If I had made a mistake in writing one of the two component balances, e.g :

l2 = f2 - v1  instead of  l2 = f2 - v2
it is fairly easy to spot. But would you spot it if I introduce the same error into the cell formula?
R2C4 - R5C3

By contrast, try looking at the generated spreadsheet in e.g. Excel, and try to work out what is going on!

Note: I have now withdrawn this as an online facility, but the language still serves as a guide to model creation. See later links for its replacement.

As a further example, here is a spreadsheet that could not possibly have been written by hand.
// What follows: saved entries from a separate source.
Theorem mainTheorem7 (n r s : nat) (W : {vspace L2 n}) (p : {poly algC})
  (L : L2 n -> L2 n) :
  (1 <= n)%N -> (r <= n)%N -> (s <= minn r (n - r))%N ->
  is_L2_component r s W -> is_Lambda r s W p L ->
  traceL2 L = ('C(n, r))%:R /\
  (let c : algC := (('C(n, s))%:R - (binom_pred n s)%:R) / ('C(n, r))%:R in
   forall f : L2 n,
     c *: L f \in W /\
     (forall h, h \in W -> dotL2 (f - c *: L f) h = 0)).
Proof.
move=> _ le_rn le_s_min W_comp [[L_lin L_eqv] LW L_perp [_ p0] L_ker].
pose L' : {linear L2 n -> L2 n} := HB.pack L (GRing.isLinear.Build _ _ _ _ L L_lin).
have L_proj f : exists2 w, w \in W & (forall h, h \in W -> dotL2 (f - w) h = 0) /\ L f = L w.
  have [w Ww w_perp] := L2_orthogonal_split W f.
  by exists w => //; split => //; apply: (linear_eq_mod_perp (A := L') L_perp).
have LfW f : L f \in W by have [w Ww [_ ->]] := L_proj f; apply: LW.
have [W_supp W_inv W_chi] := W_comp.
have W_norm : \sum_(g : {perm 'I_n}) `|subchar W g| ^+ 2 = #|{perm 'I_n}|%:R.
  under eq_bigr do rewrite W_chi; apply: sum_sqr_chi_irr.
  by move: le_s_min; rewrite leq_min => /andP[]; lia.
have [mu L_mu] := equivariant_scalar_on_irreducible W_inv W_norm (A := L') L_eqv LW.
have trL : traceL2 L = 'C(n, r)%:R.
  by apply: (traceL2_kernel p0) => // f x; apply: W_supp.
split=> // c f; have [w Ww [w_perp ->]] := L_proj f.
have c_mu : c * mu = 1.
  rewrite /c -(L2_component_dim W_comp) mulrAC -(traceL2_scalar_on (A := L') LfW L_mu) trL.
  by rewrite mulfV // pnatr_eq0 -lt0n bin_gt0.
have Lw : L w = mu *: w := L_mu w Ww.
by rewrite Lw scalerA c_mu scale1r.
Qed.
(* Let $T\subseteq P_{2n}$ be transitive and closed under reversal. Then: 1. $(i,j)\in T$ implies $S_{2n,i,j}\in B_{2n}(T)$. 2. If $i\in[2n]$ and $v\in\mathbb{F}^{2n}$ is supported on $\{j:(j,i)\in T\}$, then $S_{2n,v,i}\in B_{2n}(T)$. 3. The set $\{S_{2n,i,j}: j\in[n],\ j+1\le i\le 2n+1-j,\ (i,j)\in T\}$ generates $B_{2n}(T)$. 4. Every $B\in B_{2n}(T)$ satisfies $B=S_{2n,V_n(B)e_{n,1},1}\cdots S_{2n,V_n(B)e_{n,n},n}$, and each factor $S_{2n,V_n(B)e_{n,j},j}$ lies in $B_{2n}(T)$ and is a product of generators from part 3; this gives a canonical expression of each element of $B_{2n}(T)$ in terms of these generators.
   Context: $\mathbb{F}$ is the field with two elements, $e_{N,i}$ standard basis column vectors, $I_N$ the identity, $[N]=\{1,\dots,N\}$. $R_{2n}=\sum_{i=1}^{2n}e_{2n,i}e_{2n,2n+1-i}^{\top}$; $\mathrm{Sp}_{2n}=\{C:C^{\top}R_{2n}C=R_{2n}\}$. $P_{2n}=\{(i,j):i,j\in[2n],i>j\}$. $T\subseteq P_{2n}$ is transitive if $(i,j),(j,k)\in T\Rightarrow(i,k)\in T$, and closed under reversal if $(i,j)\in T\iff(2n+1-j,2n+1-i)\in T$. $B_{2n}(T)=\big(I_{2n}+\mathrm{span}_{\mathbb{F}}\{e_{2n,i}e_{2n,j}^{\top}:(i,j)\in T\}\big)\cap\mathrm{Sp}_{2n}$. For $i\ne j\in[2n]$: $S_{2n,i,j}=I_{2n}+e_{2n,i}e_{2n,j}^{\top}$ if $i+j=2n+1$, else $S_{2n,i,j}=I_{2n}+e_{2n,i}e_{2n,j}^{\top}+e_{2n,2n+1-j}e_{2n,2n+1-i}^{\top}$. For $v\in\mathbb{F}^{2n}$ with $v_i=0$: $S_{2n,v,i}=I_{2n}+ve_{2n,i}^{\top}+R_{2n}e_{2n,i}v^{\top}R_{2n}+v_{2n+1-i}e_{2n,2n+1-i}e_{2n,i}^{\top}$. $V_n(B)=\sum_{j=1}^n\sum_{i=j+1}^{2n+1-j}e_{2n,i}e_{2n,i}^{\top}Be_{2n,j}e_{n,j}^{\top}$. *)

(* Matrices over F = 'F_2, dimension 2n written n + n,
   indices 0-based: paper index i in [2n] corresponds to ordinal i-1. *)
From mathcomp Require Import all_boot all_order all_algebra.
Set Implicit Arguments. Unset Strict Implicit. Unset Printing Implicit Defensive.
Import GRing.Theory.
Local Open Scope ring_scope.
This spreadsheet solves a set of 18 simulataneous linear equations. It is relatively easy for a moderately competent programmer to to adapt the algorithm for solving such equations into one for writing out the instructions necessary fro a spreadsheet to do so. However the solution involves a large number cells (about 4000) containing formulas such as:

R44C15-R3C14*R22C14-R3C15*R22C15-R3C16*R22C16-R3C17*R22C17-R3C18*R22C18-R3C19*R22C19-R3C20*R22C20
It is beyond the skills of any normal human to have written this by hand without introducing errors.

See here for an outline of how you must write spreadsheets.
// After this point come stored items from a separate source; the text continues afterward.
(* Let $\mathcal T,\Omega>0$ and $N_1,N_2\in\mathbb N$, and set $L_1:=2N_1+1$, $L_2:=2N_2+1$. Let $$w(x)=\sum_{k=-N_1}^{N_1}w_k\,\mathrm e^{2\pi i\frac{\Omega kx}{L_1}},\qquad x\in\mathbb R,$$ with $w_k\in\mathbb C$, be an $\frac{L_1}{\Omega}$-periodic trigonometric polynomial. Then for all $\tau,\nu\in\mathbb R$ and all $x_j=\frac{\mathcal T j}{L_2}$, $j=-N_2,\dots,N_2$, $$\mathrm e^{2\pi i\nu x_j}\,w(x_j-\tau)=\sum_{u=-N_1}^{N_1}\sum_{v=-N_2}^{N_2}\mathrm e^{2\pi i\frac{x_jv}{\mathcal T}}\,w\Big(x_j-\frac{u}{\Omega}\Big)\,a(\tau,\nu)_{(u,v)},$$ where $$a(\tau,\nu)_{(u,v)}:=\frac{1}{L_1L_2}\,D_{N_1}\Big(\frac{u-\Omega\tau}{L_1}\Big)\,D_{N_2}\Big(\frac{v-\mathcal T\nu}{L_2}\Big),\qquad u=-N_1,\dots,N_1,\ v=-N_2,\dots,N_2.$$
   Context: For $N\in\mathbb N$, $D_N(x)=\sum_{k=-N}^{N}\mathrm e^{2\pi ikx}$ is the $N$th Dirichlet kernel. The left-hand side is $(M_\nu T_\tau w)(x_j)$, where $T_\tau f(x)=f(x-\tau)$ and $M_\nu f(x)=f(x)\mathrm e^{2\pi i\nu x}$. *)

From mathcomp Require Import all_boot all_order all_algebra.
From mathcomp Require Import all_classical all_reals all_analysis.
From mathcomp Require Import complex.
Set Implicit Arguments. Unset Strict Implicit. Unset Printing Implicit Defensive.
Import Order.TTheory GRing.Theory Num.Theory.
Local Open Scope ring_scope.
Local Open Scope complex_scope.

Definition cexp2pi (R : realType) (t : R) : R[i] :=
  (cos (2 * pi * t))%:C + 'i * (sin (2 * pi * t))%:C.

Definition zsum (R : realType) (N : nat) (F : int -> R[i]) : R[i] :=
  \sum_(0 <= k < (2 * N).+1) F (k%:Z - N%:Z).

Definition dirichlet (R : realType) (N : nat) (x : R) : R[i] :=
  zsum N (fun k => cexp2pi (k%:~R * x)).

Definition trigpoly (R : realType) (Omega : R) (N1 : nat) (wk : int -> R[i]) (x : R)
  : R[i] :=
  zsum N1 (fun k => wk k * cexp2pi (Omega * k%:~R * x / ((2 * N1).+1)%:R)).

Definition acoef (R : realType) (T Omega : R) (N1 N2 : nat) (tau nu : R) (u v : int)
  : R[i] :=
  let L1 : R := ((2 * N1).+1)%:R in
  let L2 : R := ((2 * N2).+1)%:R in
  ((L1 * L2)^-1)%:C * dirichlet N1 ((u%:~R - Omega * tau) / L1)
    * dirichlet N2 ((v%:~R - T * nu) / L2).

From mathcomp Require Import all_boot all_order all_algebra.
From mathcomp Require Import all_classical all_reals all_analysis complex.
From mathcomp Require Import ring lra zify.
Import Order.TTheory GRing.Theory Num.Theory.
Local Open Scope ring_scope.
Local Open Scope complex_scope.

(* Write e(t) = exp(2 pi i t).  The right-hand side factors into a sum over u
   times a sum over v, and each factor is an instance of Dirichlet-kernel
   interpolation: with L = 2N + 1, a trigonometric polynomial
   p(t) = sum_{|k| <= N} c_k e(k t / L) satisfies
   L p(s) = sum_{|u| <= N} p(u) D_N((u - s) / L), because
   sum_{|u| <= N} e(d u / L) = L [d = 0] whenever |d| <= 2N.  The u-factor
   applies this to t |-> w(x_j - t / Omega) at s = Omega tau, the v-factor to
   the single frequency t |-> e(j t / L_2) at s = T nu. *)

Section ExpTwoPi.
Variable R : realType.
Local Notation e := (@cexp2pi R).

Lemma cexp2piE (t : R) : e t = (cos (2 * pi * t) +i* sin (2 * pi * t)).
Proof. by rewrite /cexp2pi; simpc. Qed.

Lemma cexp2piD (a b : R) : e (a + b) = e a * e b.
Proof. by rewrite !cexp2piE; simpc; rewrite mulrDr cosD sinD; congr (_ +i* _); ring. Qed.

Lemma cexp2pi0 : e 0 = 1.
Proof. by rewrite cexp2piE mulr0 cos0 sin0. Qed.

Lemma cexp2piMn (n : nat) (a : R) : e (n%:R * a) = e a ^+ n.
Proof.
elim: n => [|n IHn]; first by rewrite mul0r cexp2pi0.
by rewrite exprS -IHn -cexp2piD mulrSr mulrDl mul1r addrC.
Qed.

Lemma cexp2pi_int (n : int) : e n%:~R = 1.
Proof.
have cexp2pi_nat (m : nat) : e m%:R = 1.
  have two_pi_m : 2 * pi * m%:R = 0 + (pi *+ 2) *+ m :> R.
    by rewrite add0r; ring.
  rewrite cexp2piE two_pi_m (periodicn (@cosD2pi R)) (periodicn (@sinD2pi R)).
  by rewrite cos0 sin0.
case: n => m; first exact: cexp2pi_nat.
have := cexp2pi_nat m.+1; rewrite NegzE intrN !cexp2piE mulrN cosN sinN => -[-> ->].
by rewrite oppr0.
Qed.

Lemma cexp2pi_neq1 (t : R) : 0 < `|t| < 1 -> e t != 1.
Proof.
move=> /andP[t_gt0 t_lt1]; apply/eqP; rewrite cexp2piE => -[cos_eq1 _].
have sin_gt0 : 0 < sin (pi * `|t|).
  by apply: sin_gt0_pi; rewrite mulr_gt0 ?pi_gt0 //= gtr_pMr ?pi_gt0.
have : cos ((pi * `|t|) *+ 2) = 1.
  have -> : (pi * `|t|) *+ 2 = `|2 * pi * t|.
    by rewrite normrM gtr0_norm ?mulr_gt0 ?pi_gt0 //; ring.
  by rewrite cos_norm.
rewrite cos_mulr2n cos2sin2; nra.
Qed.

End ExpTwoPi.

Section IntegerRangeSums.
Variable R : realType.
Implicit Types (N M : nat) (F G : int -> R[i]).

Lemma eq_zsum_in N F G : (forall k : int, (`|k| <= N)%N -> F k = G k) ->
  zsum N F = zsum N G.
Proof. by move=> FG; apply: eq_big_nat => i /andP[_ iL]; apply: FG; lia. Qed.

Lemma zsumMl N (c : R[i]) F : c * zsum N F = zsum N (fun k => c * F k).
Proof. by rewrite /zsum big_distrr. Qed.

Lemma zsumMr N F (c : R[i]) : zsum N F * c = zsum N (fun k => F k * c).
Proof. by rewrite /zsum big_distrl. Qed.

Lemma zsumM N M F G :
  zsum N F * zsum M G = zsum N (fun u => zsum M (fun v => F u * G v)).
Proof. by rewrite /zsum big_distrl; apply: eq_bigr => u _; rewrite big_distrr. Qed.

Lemma exchange_zsum N M (F : int -> int -> R[i]) :
  zsum N (fun u => zsum M (F u)) = zsum M (fun v => zsum N (fun u => F u v)).
Proof. exact: exchange_big. Qed.

Lemma zsumN N F : zsum N (fun k => F (- k)) = zsum N F.
Proof.
rewrite /zsum [RHS]big_nat_rev; apply: eq_big_nat => i /andP[_ iL].
by congr F; lia.
Qed.

Lemma zsum_delta N (j : int) F : (`|j| <= N)%N ->
  zsum N (fun k => (k == j)%:R * F k) = F j.
Proof.
move=> jN; rewrite /zsum (eq_big_nat _ _ (F2 := fun i =>
  if i == absz (j + N%:Z) then F j else 0)); last first.
  move=> i /andP[_ iL]; have [<-|ne] := eqVneq (i%:Z - N%:Z) j.
    by rewrite mul1r ifT //; apply/eqP; lia.
  by rewrite mul0r ifF //; apply/eqP; lia.
by rewrite -big_mkcond big_nat1_eq ifT //; lia.
Qed.

End IntegerRangeSums.

Section DirichletKernel.
Variable R : realType.
Local Notation e := (@cexp2pi R).
Local Notation L N := ((2 * N).+1)%:R.

Lemma zsum_cexp2pi_orthogonal N (d : int) : (`|d| <= 2 * N)%N ->
  zsum N (fun u => e (d%:~R * u%:~R / L N)) = (d == 0)%:R * L N.
Proof.
move=> dN; have L0 : L N != 0 :> R by rewrite pnatr_eq0.
have [->|d0] := eqVneq d 0.
  under eq_zsum_in => u _ do rewrite mulr0z !mul0r cexp2pi0.
  by rewrite /zsum sumr_const_nat subn0 mul1r.
set z := e (d%:~R / L N).
have shift_term (i : nat) :
    e (d%:~R * (i%:Z - N%:Z)%:~R / L N) = e (- (d%:~R * N%:R / L N)) * z ^+ i.
  by rewrite -cexp2piMn -cexp2piD; congr e; rewrite intrB; field.
rewrite /zsum (eq_bigr _ (fun i _ => shift_term i)) -big_distrr big_mkord /=.
have zL : z ^+ (2 * N).+1 = 1 by rewrite /z -cexp2piMn mulrC divfK // cexp2pi_int.
have z_neq1 : z != 1.
  apply: cexp2pi_neq1; rewrite normrM normfV normr_nat -intr_norm -natr_absz.
  rewrite divr_gt0 ?ltr0n ?absz_gt0 //= ltr_pdivrMr ?ltr0n // mul1r ltr_nat.
  by rewrite ltnS.
have : (z - 1) * \sum_(i < (2 * N).+1) z ^+ i = 0 by rewrite -subrX1 zL subrr.
move/eqP; rewrite mulf_eq0 subr_eq0 (negPf z_neq1) /= => /eqP ->.
by rewrite mulr0 mul0r.
Qed.

Lemma dirichlet_reproduces_cexp2pi N (k : int) (s : R) : (`|k| <= N)%N ->
  zsum N (fun u => e (k%:~R * u%:~R / L N) * dirichlet N ((u%:~R - s) / L N)) =
  L N * e (k%:~R * s / L N).
Proof.
move=> kN; have L0 : L N != 0 :> R by rewrite pnatr_eq0.
transitivity (zsum N (fun m =>
    e (- (m%:~R * s / L N)) * zsum N (fun u => e ((m + k)%:~R * u%:~R / L N)))).
  under eq_zsum_in => u _ do rewrite /dirichlet zsumMl.
  rewrite exchange_zsum; apply: eq_zsum_in => m _.
  rewrite zsumMl; apply: eq_zsum_in => u _.
  by rewrite -!cexp2piD; congr e; rewrite intrD; field.
rewrite (@eq_zsum_in R N _ (fun m => (m == - k)%:R * (L N * e (- (m%:~R * s / L N))))).
  by rewrite zsum_delta ?abszN // intrN mulNr mulNr opprK.
move=> m mN; rewrite zsum_cexp2pi_orthogonal; last by lia.
by rewrite addr_eq0; ring.
Qed.

Lemma trigpoly_sampling (Omega : R) N (c : int -> R[i]) (s : R) : Omega != 0 ->
  zsum N (fun u => trigpoly Omega N c (u%:~R / Omega) *
                   dirichlet N ((u%:~R - Omega * s) / L N)) =
  L N * trigpoly Omega N c s.
Proof.
move=> Omega0; have L0 : L N != 0 :> R by rewrite pnatr_eq0.
transitivity (zsum N (fun k => c k * zsum N (fun u =>
    e (k%:~R * u%:~R / L N) * dirichlet N ((u%:~R - Omega * s) / L N)))).
  under eq_zsum_in => u _ do rewrite /trigpoly zsumMr.
  rewrite exchange_zsum; apply: eq_zsum_in => k _.
  rewrite zsumMl; apply: eq_zsum_in => u _.
  rewrite mulrA; congr (_ * cexp2pi (_ / _) * _).
  by rewrite mulrC mulrA divfK // mulrC.
rewrite /trigpoly zsumMl; apply: eq_zsum_in => k kN.
rewrite dirichlet_reproduces_cexp2pi // mulrCA; congr (_ * (_ * cexp2pi _)); ring.
Qed.

Lemma trigpoly_reflect (Omega : R) N (c : int -> R[i]) (x t : R) :
  trigpoly Omega N c (x - t) =
  trigpoly Omega N (fun k => c (- k) * e (- (Omega * k%:~R * x / L N))) t.
Proof.
rewrite /trigpoly -zsumN; apply: eq_zsum_in => k _.
by rewrite -[RHS]mulrA -cexp2piD intrN; congr (_ * cexp2pi _); ring.
Qed.

End DirichletKernel.

Theorem theorem3 (R : realType) (T Omega : R) (N1 N2 : nat) (wk : int -> R[i])
  (hT : 0 < T) (hOmega : 0 < Omega) (tau nu : R) (j : int)
  (hj : (- N2%:Z <= j <= N2%:Z)%R) :
  let L2 : R := ((2 * N2).+1)%:R in
  let xj : R := T * j%:~R / L2 in
  let w := trigpoly Omega N1 wk in
  cexp2pi (nu * xj) * w (xj - tau) =
  zsum N1 (fun u => zsum N2 (fun v =>
     cexp2pi (xj * v%:~R / T) * w (xj - u%:~R / Omega)
       * acoef T Omega N1 N2 tau nu u v)).
Proof.
move=> L2 xj w.
have jN2 : (`|j| <= N2)%N by case/andP: hj; lia.
have sample_w : zsum N1 (fun u => w (xj - u%:~R / Omega) *
    dirichlet N1 ((u%:~R - Omega * tau) / ((2 * N1).+1)%:R)) =
    ((2 * N1).+1)%:R * w (xj - tau).
  rewrite /w trigpoly_reflect -trigpoly_sampling ?gt_eqF //.
  by apply: eq_zsum_in => u _; rewrite trigpoly_reflect.
have sample_modulation : zsum N2 (fun v => cexp2pi (xj * v%:~R / T) *
    dirichlet N2 ((v%:~R - T * nu) / L2)) = ((2 * N2).+1)%:R * cexp2pi (nu * xj).
  have xjT : xj / T = j%:~R / L2 by rewrite /xj mulrAC [T * _]mulrC mulfK ?gt_eqF.
  have -> : nu * xj = j%:~R * (T * nu) / L2 by rewrite /xj; ring.
  rewrite -dirichlet_reproduces_cexp2pi //; apply: eq_zsum_in => v _.
  by rewrite mulrAC xjT mulrAC.
transitivity (((2 * N1).+1 * (2 * N2).+1)%:R^-1 *
  (zsum N1 (fun u => w (xj - u%:~R / Omega) *
     dirichlet N1 ((u%:~R - Omega * tau) / ((2 * N1).+1)%:R)) *
   zsum N2 (fun v => cexp2pi (xj * v%:~R / T) *
     dirichlet N2 ((v%:~R - T * nu) / L2)))).
  rewrite sample_w sample_modulation mulrACA -natrM mulKf ?pnatr_eq0 //.
  exact: mulrC.
rewrite zsumM zsumMl; apply: eq_zsum_in => u _.
rewrite zsumMl; apply: eq_zsum_in => v _.
rewrite /acoef -natrM fmorphV rmorph_nat; ring.
Qed.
References and Links Further Information

[1] EW Dijkstra, `Notes on Structured programming', in `Structured Programming', APIC Studies in Data preocessing No 8, Academic Press, 1972

[2] R Panko, Spreadsheet Research website http://panko.cba.hawaii.edu/ssr/,p>

[3] Enumara, financial analysts, http://www.enumera.co.uk/spreaderr.htm

[4] PI Barton, Chemical Engineering, MIT, website http://web.mit.edu/cheme/people/faculty/barton.html

[5] ECOSSE spreadsheet generation programs: Linear equations and general models. (N.B. these are used at you own risk. There is no guarantee of correct operation or continuing availablility.)